### Material for this exercise
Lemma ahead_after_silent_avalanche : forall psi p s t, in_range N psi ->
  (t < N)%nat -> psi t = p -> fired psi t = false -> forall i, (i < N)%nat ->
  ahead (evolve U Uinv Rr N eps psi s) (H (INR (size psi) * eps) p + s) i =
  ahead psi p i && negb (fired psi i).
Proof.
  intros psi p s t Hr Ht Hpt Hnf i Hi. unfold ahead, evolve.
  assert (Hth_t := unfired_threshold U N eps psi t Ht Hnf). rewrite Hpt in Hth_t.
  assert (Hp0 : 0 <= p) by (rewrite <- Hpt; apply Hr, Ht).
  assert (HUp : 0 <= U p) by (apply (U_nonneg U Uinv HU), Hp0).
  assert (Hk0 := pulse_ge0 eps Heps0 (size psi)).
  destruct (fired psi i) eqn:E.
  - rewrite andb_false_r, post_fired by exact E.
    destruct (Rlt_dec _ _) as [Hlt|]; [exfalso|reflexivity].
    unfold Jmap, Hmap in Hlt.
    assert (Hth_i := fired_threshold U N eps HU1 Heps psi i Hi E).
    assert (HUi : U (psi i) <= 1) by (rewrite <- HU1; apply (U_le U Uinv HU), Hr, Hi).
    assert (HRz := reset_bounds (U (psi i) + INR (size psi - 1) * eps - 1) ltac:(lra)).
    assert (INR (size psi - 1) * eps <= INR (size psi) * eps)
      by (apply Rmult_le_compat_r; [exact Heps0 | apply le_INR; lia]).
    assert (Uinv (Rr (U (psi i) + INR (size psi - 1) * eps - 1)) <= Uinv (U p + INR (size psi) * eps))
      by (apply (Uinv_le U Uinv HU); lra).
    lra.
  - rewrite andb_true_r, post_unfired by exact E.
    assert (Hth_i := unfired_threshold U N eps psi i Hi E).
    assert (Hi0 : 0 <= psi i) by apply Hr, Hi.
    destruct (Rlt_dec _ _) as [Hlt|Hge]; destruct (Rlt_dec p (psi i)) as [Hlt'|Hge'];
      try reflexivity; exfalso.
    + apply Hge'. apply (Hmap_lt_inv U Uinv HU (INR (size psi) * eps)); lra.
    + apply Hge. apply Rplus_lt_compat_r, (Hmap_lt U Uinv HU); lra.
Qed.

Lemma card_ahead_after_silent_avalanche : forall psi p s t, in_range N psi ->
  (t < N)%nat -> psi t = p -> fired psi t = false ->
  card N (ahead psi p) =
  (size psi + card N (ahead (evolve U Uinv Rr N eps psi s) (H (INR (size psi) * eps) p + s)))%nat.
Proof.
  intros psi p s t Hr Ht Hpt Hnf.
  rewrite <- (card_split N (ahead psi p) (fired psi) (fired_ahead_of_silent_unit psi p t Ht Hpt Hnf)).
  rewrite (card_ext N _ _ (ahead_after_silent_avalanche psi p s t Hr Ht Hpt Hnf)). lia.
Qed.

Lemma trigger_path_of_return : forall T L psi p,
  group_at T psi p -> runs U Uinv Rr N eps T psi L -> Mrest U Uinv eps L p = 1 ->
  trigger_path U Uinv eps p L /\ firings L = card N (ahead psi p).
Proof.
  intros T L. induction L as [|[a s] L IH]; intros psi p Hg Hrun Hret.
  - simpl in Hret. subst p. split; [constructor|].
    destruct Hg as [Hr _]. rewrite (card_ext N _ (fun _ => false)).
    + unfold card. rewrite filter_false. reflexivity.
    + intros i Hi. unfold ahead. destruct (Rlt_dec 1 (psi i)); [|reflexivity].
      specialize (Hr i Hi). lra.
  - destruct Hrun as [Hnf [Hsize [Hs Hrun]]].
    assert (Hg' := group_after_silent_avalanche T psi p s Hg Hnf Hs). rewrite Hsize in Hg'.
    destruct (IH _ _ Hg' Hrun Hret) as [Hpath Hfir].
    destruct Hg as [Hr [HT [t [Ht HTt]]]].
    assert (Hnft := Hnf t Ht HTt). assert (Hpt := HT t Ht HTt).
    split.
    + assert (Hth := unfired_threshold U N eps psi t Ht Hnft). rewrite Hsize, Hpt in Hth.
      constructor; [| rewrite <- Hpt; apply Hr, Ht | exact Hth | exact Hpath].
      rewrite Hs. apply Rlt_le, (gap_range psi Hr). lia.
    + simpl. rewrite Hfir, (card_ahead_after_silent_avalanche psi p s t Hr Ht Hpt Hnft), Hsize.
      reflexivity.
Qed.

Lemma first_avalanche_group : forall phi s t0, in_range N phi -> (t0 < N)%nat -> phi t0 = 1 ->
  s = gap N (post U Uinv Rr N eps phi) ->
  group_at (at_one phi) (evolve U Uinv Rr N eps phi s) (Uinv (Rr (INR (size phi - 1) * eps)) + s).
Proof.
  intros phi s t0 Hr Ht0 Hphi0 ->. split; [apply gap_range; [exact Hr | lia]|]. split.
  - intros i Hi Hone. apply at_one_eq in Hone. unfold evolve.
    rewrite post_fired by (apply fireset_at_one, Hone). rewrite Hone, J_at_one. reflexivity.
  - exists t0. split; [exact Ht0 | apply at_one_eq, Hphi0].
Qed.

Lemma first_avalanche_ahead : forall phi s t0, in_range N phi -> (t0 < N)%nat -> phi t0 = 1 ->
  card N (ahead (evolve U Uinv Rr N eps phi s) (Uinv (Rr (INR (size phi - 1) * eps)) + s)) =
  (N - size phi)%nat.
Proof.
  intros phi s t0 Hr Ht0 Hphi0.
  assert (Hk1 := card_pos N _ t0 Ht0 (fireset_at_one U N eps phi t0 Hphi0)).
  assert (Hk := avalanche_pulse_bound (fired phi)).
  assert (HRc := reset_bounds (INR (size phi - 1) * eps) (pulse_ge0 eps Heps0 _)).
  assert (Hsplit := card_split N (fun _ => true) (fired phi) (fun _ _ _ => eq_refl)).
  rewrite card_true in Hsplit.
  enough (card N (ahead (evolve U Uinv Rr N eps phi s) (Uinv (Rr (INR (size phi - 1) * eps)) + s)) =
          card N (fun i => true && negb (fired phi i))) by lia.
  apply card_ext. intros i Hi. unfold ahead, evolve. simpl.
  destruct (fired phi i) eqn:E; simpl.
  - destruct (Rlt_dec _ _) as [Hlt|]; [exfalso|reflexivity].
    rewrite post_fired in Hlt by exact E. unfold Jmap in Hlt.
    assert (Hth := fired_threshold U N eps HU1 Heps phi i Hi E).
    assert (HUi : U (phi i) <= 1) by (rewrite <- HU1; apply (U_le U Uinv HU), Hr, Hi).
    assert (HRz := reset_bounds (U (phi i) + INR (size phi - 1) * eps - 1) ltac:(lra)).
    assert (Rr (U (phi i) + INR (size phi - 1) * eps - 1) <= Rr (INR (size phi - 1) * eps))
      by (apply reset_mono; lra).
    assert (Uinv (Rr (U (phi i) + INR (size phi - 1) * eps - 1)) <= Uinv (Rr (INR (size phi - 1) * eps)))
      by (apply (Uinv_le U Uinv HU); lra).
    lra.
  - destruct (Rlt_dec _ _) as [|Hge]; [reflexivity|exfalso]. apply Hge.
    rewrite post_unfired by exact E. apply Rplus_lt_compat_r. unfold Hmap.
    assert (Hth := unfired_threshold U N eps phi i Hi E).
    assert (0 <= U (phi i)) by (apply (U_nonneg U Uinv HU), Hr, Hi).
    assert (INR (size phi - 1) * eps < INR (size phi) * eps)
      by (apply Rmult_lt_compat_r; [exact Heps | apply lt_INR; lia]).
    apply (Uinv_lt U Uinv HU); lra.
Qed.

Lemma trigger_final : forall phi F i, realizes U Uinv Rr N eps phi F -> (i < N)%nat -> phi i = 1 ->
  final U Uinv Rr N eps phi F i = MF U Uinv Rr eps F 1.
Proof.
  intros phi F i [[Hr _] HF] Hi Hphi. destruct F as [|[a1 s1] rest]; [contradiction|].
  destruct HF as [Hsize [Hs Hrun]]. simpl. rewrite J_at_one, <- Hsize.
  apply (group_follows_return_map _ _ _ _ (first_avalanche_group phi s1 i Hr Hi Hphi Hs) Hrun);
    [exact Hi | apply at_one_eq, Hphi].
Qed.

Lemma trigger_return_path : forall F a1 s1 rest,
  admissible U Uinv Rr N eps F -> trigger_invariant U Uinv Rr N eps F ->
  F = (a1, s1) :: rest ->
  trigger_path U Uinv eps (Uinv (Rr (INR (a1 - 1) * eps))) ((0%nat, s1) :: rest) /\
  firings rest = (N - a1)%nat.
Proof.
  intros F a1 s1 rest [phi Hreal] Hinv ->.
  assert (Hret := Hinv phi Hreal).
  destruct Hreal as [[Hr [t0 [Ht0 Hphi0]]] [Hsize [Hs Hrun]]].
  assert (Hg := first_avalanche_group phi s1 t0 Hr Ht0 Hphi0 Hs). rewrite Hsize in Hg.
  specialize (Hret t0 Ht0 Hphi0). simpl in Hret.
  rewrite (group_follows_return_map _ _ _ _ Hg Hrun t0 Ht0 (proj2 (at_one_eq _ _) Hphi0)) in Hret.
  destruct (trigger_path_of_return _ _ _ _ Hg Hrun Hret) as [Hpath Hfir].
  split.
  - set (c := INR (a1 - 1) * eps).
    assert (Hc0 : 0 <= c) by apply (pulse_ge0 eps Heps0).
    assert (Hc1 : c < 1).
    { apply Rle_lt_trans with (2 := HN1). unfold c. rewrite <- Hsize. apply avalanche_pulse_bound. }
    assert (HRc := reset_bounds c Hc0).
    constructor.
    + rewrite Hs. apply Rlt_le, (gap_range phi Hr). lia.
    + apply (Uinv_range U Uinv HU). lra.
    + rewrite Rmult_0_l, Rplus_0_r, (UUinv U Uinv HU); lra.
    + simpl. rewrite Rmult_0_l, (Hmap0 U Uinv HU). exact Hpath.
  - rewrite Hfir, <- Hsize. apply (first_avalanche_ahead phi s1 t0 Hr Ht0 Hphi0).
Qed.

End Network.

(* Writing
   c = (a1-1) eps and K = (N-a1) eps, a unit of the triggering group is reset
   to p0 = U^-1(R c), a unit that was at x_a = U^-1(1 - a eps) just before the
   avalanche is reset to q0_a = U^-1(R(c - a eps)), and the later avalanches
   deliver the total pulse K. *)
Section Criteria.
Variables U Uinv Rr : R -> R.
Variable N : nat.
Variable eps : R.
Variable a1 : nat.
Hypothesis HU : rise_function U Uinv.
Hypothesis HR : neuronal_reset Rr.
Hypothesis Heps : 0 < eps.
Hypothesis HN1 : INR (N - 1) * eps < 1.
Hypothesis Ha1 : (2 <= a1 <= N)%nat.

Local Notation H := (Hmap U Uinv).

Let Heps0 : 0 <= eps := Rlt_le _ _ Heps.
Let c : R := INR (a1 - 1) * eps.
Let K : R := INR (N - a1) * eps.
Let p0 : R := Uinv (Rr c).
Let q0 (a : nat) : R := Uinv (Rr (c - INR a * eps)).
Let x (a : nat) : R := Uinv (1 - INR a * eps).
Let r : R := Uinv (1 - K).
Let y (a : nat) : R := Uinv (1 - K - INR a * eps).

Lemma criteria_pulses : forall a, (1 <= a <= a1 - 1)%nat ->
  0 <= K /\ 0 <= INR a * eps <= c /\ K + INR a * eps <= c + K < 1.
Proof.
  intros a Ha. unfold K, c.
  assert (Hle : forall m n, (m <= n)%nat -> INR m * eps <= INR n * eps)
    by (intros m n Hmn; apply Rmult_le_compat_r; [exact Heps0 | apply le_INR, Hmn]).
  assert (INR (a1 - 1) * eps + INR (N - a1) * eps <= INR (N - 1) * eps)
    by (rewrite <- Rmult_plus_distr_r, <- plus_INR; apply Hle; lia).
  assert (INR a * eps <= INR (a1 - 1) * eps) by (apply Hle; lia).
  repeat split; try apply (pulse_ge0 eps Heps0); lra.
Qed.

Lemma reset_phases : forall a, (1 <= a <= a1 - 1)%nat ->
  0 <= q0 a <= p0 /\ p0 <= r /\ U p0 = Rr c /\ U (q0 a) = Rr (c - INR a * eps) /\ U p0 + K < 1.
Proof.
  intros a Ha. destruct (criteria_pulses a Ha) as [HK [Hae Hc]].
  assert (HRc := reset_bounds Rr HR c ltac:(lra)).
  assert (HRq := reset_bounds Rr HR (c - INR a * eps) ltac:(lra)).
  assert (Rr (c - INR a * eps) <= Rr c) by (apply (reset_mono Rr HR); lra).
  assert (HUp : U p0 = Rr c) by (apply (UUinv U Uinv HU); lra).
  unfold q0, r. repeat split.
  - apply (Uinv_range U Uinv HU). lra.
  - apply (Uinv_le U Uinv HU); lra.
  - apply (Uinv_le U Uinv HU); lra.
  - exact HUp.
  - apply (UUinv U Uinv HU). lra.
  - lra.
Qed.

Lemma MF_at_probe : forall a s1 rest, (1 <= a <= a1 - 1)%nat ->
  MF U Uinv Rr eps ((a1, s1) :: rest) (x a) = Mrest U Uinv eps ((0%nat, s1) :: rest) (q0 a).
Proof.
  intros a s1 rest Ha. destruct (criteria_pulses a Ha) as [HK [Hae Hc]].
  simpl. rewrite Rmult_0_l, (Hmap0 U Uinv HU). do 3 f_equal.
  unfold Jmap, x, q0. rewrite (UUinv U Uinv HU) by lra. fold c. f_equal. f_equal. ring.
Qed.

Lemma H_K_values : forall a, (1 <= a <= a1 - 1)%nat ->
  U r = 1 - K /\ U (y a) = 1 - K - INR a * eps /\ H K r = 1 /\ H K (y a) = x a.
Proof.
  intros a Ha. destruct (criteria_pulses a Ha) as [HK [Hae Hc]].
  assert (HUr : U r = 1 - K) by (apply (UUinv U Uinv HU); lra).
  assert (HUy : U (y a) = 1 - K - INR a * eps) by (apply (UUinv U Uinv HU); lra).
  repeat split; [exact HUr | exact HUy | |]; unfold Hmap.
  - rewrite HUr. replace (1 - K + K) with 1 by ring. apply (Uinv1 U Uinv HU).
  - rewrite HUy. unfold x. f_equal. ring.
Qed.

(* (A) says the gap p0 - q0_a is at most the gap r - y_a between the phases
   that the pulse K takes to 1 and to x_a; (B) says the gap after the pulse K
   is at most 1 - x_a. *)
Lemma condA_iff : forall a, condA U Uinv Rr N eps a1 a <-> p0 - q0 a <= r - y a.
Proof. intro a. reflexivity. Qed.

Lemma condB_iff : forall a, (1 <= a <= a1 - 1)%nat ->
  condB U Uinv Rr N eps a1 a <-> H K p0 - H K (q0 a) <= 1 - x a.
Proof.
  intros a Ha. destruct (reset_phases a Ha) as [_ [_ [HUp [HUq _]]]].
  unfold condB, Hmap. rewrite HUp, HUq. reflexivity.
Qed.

### About this exercise
Wherever a line in the entries above holds "constructor", copy that line.

### Task solution
  - simpl in Hret. subst p. split; [constructor|].
      constructor; [| rewrite <- Hpt; apply Hr, Ht | exact Hth | exact Hpath].
    constructor.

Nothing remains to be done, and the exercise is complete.